EXERCISE INSTRUCTIONS ::
If a line in the following entries contains the string "apply", it counts toward the total; report only that total.

BEGIN INFORMATION PROVIDED

Lemma normc_xcorr_le_theta_c (i j : 'I_M) (tau : 'I_L) :
  i != j -> normc (xcorr (C i) (C j) tau) <= theta_c C.
Proof.
move=> i_neq_j; apply: le_trans (le_bigmax _ _ i).
apply: le_trans (le_bigmax_cond _
  (fun j => \big[Num.max/0]_(t < L) normc (xcorr (C i) (C j) t)) i_neq_j).
exact: le_bigmax.
Qed.

End CorrelationMaxima.

Theorem theorem1 (R : realType) (L M : nat) (Om : {set 'I_L})
    (C : 'I_M -> 'I_L -> R[i]) :
  (2 <= L)%N ->
  Om != [set: 'I_L] ->
  (0 < M)%N ->
  injective C ->
  (forall j : 'I_M, spectral_constraint Om (C j)) ->
  L%:R * Num.sqrt (#|Om|%:R / ((L%:R - #|Om|%:R) * (L%:R - 1))) <= theta_a C
  /\ ((2 <= M)%N -> L%:R / Num.sqrt (L%:R - #|Om|%:R) <= theta_c C).
Proof.
move=> L_ge2 Om_proper M_gt0 _ C_spec.
have Om_small : (#|Om| < L)%N.
  by rewrite -[X in (_ < X)%N]card_ord -cardsT proper_card ?properT.
have L_gt1 : (1 : R) < L%:R by rewrite ltr1n.
have codim_gt0 : (0 : R) < L%:R - #|Om|%:R by rewrite subr_gt0 ltr_nat.
pose i0 := Ordinal M_gt0.
split.
- have ratio_ge0 : 0 <= #|Om|%:R / ((L%:R - #|Om|%:R) * (L%:R - 1)) :> R.
    by rewrite divr_ge0 ?ler0n ?mulr_ge0 ?(ltW codim_gt0) // subr_ge0 ltW.
  rewrite mul_sqrtr_le ?ler0n ?theta_a_ge0 //.
  rewrite invfM !mulrA ler_pdivrMr ?subr_gt0 // [leRHS]mulrC.
  apply: (spectral_autocorrelation_bound Om_small (C_spec i0)) => tau.
  exact: normc_xcorr_le_theta_a.
- move=> M_ge2; pose j0 := Ordinal M_ge2.
  rewrite -sqrtrV ?(ltW codim_gt0) //.
  rewrite mul_sqrtr_le ?ler0n ?invr_ge0 ?(ltW codim_gt0) ?theta_c_ge0 //.
  apply: (spectral_crosscorrelation_bound Om_small (C_spec i0) (C_spec j0)) => tau.
  exact: normc_xcorr_le_theta_c.
Qed.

END INFORMATION PROVIDED

FINAL ANSWER ::
4